■ What you have to do
Answer with the exact lines of the following material from the one containing "(forall k, (k < n)%nat -> derivable_pt_lim" through the one containing "Hypothesis Hs : -1 < s < 1.", both end lines included.

■ Data to use
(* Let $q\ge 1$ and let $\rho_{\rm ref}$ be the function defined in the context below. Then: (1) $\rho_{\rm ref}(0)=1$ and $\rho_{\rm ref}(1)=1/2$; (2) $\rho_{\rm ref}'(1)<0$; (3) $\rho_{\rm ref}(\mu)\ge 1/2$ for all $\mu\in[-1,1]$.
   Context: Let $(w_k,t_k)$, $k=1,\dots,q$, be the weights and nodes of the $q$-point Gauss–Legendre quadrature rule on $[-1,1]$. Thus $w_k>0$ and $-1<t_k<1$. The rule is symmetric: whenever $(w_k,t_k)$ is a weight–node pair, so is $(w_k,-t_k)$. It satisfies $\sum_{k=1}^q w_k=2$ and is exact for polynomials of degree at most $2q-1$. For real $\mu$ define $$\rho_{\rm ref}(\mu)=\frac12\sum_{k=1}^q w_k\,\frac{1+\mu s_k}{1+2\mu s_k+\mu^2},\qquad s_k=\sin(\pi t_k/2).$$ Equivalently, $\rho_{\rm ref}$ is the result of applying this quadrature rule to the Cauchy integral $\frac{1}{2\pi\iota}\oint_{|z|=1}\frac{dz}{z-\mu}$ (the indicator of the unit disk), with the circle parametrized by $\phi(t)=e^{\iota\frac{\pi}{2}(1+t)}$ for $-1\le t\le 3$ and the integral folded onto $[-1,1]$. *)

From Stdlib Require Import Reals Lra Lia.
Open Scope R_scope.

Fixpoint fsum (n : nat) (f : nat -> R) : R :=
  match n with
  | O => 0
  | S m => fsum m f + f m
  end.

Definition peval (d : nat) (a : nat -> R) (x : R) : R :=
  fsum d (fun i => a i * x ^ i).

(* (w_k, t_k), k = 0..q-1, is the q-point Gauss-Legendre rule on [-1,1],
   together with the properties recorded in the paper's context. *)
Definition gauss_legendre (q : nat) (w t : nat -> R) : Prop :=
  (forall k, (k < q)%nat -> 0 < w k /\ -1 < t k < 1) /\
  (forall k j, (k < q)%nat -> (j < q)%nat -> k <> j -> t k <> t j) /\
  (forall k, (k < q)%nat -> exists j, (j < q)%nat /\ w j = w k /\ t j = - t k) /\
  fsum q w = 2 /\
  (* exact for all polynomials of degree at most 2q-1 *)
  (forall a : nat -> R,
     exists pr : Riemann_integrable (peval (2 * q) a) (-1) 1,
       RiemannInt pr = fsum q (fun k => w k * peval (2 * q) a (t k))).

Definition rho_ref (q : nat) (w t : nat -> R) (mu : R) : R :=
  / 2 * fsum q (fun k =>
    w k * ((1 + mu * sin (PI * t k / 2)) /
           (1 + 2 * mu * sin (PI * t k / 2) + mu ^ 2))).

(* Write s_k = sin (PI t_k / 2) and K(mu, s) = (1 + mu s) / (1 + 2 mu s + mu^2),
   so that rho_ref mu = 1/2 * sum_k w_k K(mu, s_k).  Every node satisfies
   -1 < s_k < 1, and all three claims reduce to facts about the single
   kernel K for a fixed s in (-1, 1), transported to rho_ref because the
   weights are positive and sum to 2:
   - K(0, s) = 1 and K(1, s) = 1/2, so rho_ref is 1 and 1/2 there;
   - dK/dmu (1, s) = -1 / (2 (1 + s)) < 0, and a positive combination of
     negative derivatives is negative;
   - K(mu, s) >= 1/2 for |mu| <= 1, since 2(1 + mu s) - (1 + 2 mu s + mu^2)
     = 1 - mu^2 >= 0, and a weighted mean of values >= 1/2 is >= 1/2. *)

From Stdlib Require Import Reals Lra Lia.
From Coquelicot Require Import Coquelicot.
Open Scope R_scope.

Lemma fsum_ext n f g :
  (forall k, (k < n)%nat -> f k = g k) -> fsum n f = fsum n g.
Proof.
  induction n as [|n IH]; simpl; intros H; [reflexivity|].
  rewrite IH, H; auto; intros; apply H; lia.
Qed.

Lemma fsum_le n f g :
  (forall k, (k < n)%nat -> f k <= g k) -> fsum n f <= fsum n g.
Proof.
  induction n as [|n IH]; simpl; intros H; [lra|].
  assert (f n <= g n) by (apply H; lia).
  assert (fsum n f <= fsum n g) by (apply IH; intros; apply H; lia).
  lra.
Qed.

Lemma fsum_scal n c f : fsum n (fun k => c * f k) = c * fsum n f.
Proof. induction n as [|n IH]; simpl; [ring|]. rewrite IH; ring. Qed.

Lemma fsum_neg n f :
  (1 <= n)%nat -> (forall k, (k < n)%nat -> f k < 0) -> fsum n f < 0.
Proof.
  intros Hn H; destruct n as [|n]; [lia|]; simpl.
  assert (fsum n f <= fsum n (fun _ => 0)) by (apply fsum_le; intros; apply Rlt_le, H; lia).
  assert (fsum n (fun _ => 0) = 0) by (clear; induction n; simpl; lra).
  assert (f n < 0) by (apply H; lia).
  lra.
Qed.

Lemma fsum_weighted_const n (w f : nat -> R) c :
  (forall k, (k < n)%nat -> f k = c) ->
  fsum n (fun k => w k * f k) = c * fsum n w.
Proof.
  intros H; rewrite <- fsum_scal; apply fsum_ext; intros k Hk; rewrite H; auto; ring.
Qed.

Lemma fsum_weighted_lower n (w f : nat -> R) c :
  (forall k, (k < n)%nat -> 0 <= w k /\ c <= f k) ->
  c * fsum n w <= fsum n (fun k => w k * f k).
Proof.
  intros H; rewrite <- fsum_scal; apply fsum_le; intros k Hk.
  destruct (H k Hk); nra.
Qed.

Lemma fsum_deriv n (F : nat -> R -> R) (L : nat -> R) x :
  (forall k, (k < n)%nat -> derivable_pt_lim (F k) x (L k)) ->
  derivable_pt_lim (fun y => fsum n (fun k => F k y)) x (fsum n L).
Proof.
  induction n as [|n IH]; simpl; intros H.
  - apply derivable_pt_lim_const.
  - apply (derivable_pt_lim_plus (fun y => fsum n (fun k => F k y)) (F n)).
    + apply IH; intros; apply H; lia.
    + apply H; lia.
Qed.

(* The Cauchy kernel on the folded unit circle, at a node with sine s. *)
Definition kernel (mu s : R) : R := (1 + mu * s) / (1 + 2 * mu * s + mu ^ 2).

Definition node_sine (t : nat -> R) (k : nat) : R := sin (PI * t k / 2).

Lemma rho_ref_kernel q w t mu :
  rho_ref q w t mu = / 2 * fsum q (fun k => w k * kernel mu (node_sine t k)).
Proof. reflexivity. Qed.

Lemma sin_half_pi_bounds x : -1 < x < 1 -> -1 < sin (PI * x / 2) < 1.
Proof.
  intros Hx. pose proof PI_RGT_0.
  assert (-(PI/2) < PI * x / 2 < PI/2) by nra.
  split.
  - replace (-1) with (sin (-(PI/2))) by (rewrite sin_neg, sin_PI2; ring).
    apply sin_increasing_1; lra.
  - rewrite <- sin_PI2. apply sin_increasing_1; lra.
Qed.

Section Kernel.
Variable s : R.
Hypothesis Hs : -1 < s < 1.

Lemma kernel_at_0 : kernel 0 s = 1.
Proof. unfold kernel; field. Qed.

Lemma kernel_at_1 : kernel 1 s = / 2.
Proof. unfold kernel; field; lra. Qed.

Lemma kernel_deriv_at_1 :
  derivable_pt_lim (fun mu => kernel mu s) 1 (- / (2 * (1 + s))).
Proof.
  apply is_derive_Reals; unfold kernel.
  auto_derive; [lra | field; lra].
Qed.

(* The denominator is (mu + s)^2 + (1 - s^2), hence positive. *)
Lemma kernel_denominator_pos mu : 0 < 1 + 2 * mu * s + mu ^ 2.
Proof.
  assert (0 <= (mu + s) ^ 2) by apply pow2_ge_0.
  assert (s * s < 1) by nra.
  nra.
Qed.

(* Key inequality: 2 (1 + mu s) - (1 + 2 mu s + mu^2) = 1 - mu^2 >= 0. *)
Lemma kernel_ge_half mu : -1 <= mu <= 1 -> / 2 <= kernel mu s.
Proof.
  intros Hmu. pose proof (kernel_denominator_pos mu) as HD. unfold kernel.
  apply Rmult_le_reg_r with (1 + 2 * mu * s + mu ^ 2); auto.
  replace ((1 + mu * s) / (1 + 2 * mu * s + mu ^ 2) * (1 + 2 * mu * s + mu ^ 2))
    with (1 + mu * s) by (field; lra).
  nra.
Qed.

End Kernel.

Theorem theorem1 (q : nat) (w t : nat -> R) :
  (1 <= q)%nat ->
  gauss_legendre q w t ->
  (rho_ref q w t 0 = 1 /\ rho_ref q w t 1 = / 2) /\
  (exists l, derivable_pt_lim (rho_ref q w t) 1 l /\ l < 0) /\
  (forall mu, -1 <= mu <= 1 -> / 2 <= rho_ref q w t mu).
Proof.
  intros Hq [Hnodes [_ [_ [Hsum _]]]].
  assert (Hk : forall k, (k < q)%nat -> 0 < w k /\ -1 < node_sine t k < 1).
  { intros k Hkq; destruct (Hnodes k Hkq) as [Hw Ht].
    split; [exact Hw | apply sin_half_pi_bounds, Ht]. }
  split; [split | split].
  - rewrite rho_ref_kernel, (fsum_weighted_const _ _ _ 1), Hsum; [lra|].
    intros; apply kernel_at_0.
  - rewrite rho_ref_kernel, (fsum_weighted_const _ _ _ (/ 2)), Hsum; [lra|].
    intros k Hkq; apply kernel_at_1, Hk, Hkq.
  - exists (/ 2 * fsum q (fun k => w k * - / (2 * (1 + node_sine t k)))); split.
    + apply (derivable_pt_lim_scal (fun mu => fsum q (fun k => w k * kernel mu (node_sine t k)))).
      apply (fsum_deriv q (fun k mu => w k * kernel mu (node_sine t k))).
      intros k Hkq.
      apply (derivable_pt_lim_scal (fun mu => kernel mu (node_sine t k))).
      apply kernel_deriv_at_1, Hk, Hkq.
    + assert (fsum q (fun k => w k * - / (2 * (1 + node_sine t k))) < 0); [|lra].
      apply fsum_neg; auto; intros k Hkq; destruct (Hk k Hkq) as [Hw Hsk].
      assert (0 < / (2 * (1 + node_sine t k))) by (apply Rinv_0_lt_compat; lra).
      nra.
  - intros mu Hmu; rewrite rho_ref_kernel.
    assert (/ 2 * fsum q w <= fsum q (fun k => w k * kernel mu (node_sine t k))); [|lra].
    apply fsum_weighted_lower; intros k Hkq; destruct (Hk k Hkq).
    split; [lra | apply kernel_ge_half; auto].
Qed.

■ Your solution
  (forall k, (k < n)%nat -> derivable_pt_lim (F k) x (L k)) ->
  derivable_pt_lim (fun y => fsum n (fun k => F k y)) x (fsum n L).
Proof.
  induction n as [|n IH]; simpl; intros H.
  - apply derivable_pt_lim_const.
  - apply (derivable_pt_lim_plus (fun y => fsum n (fun k => F k y)) (F n)).
    + apply IH; intros; apply H; lia.
    + apply H; lia.
Qed.

(* The Cauchy kernel on the folded unit circle, at a node with sine s. *)
Definition kernel (mu s : R) : R := (1 + mu * s) / (1 + 2 * mu * s + mu ^ 2).

Definition node_sine (t : nat -> R) (k : nat) : R := sin (PI * t k / 2).

Lemma rho_ref_kernel q w t mu :
  rho_ref q w t mu = / 2 * fsum q (fun k => w k * kernel mu (node_sine t k)).
Proof. reflexivity. Qed.

Lemma sin_half_pi_bounds x : -1 < x < 1 -> -1 < sin (PI * x / 2) < 1.
Proof.
  intros Hx. pose proof PI_RGT_0.
  assert (-(PI/2) < PI * x / 2 < PI/2) by nra.
  split.
  - replace (-1) with (sin (-(PI/2))) by (rewrite sin_neg, sin_PI2; ring).
    apply sin_increasing_1; lra.
  - rewrite <- sin_PI2. apply sin_increasing_1; lra.
Qed.

Section Kernel.
Variable s : R.
Hypothesis Hs : -1 < s < 1.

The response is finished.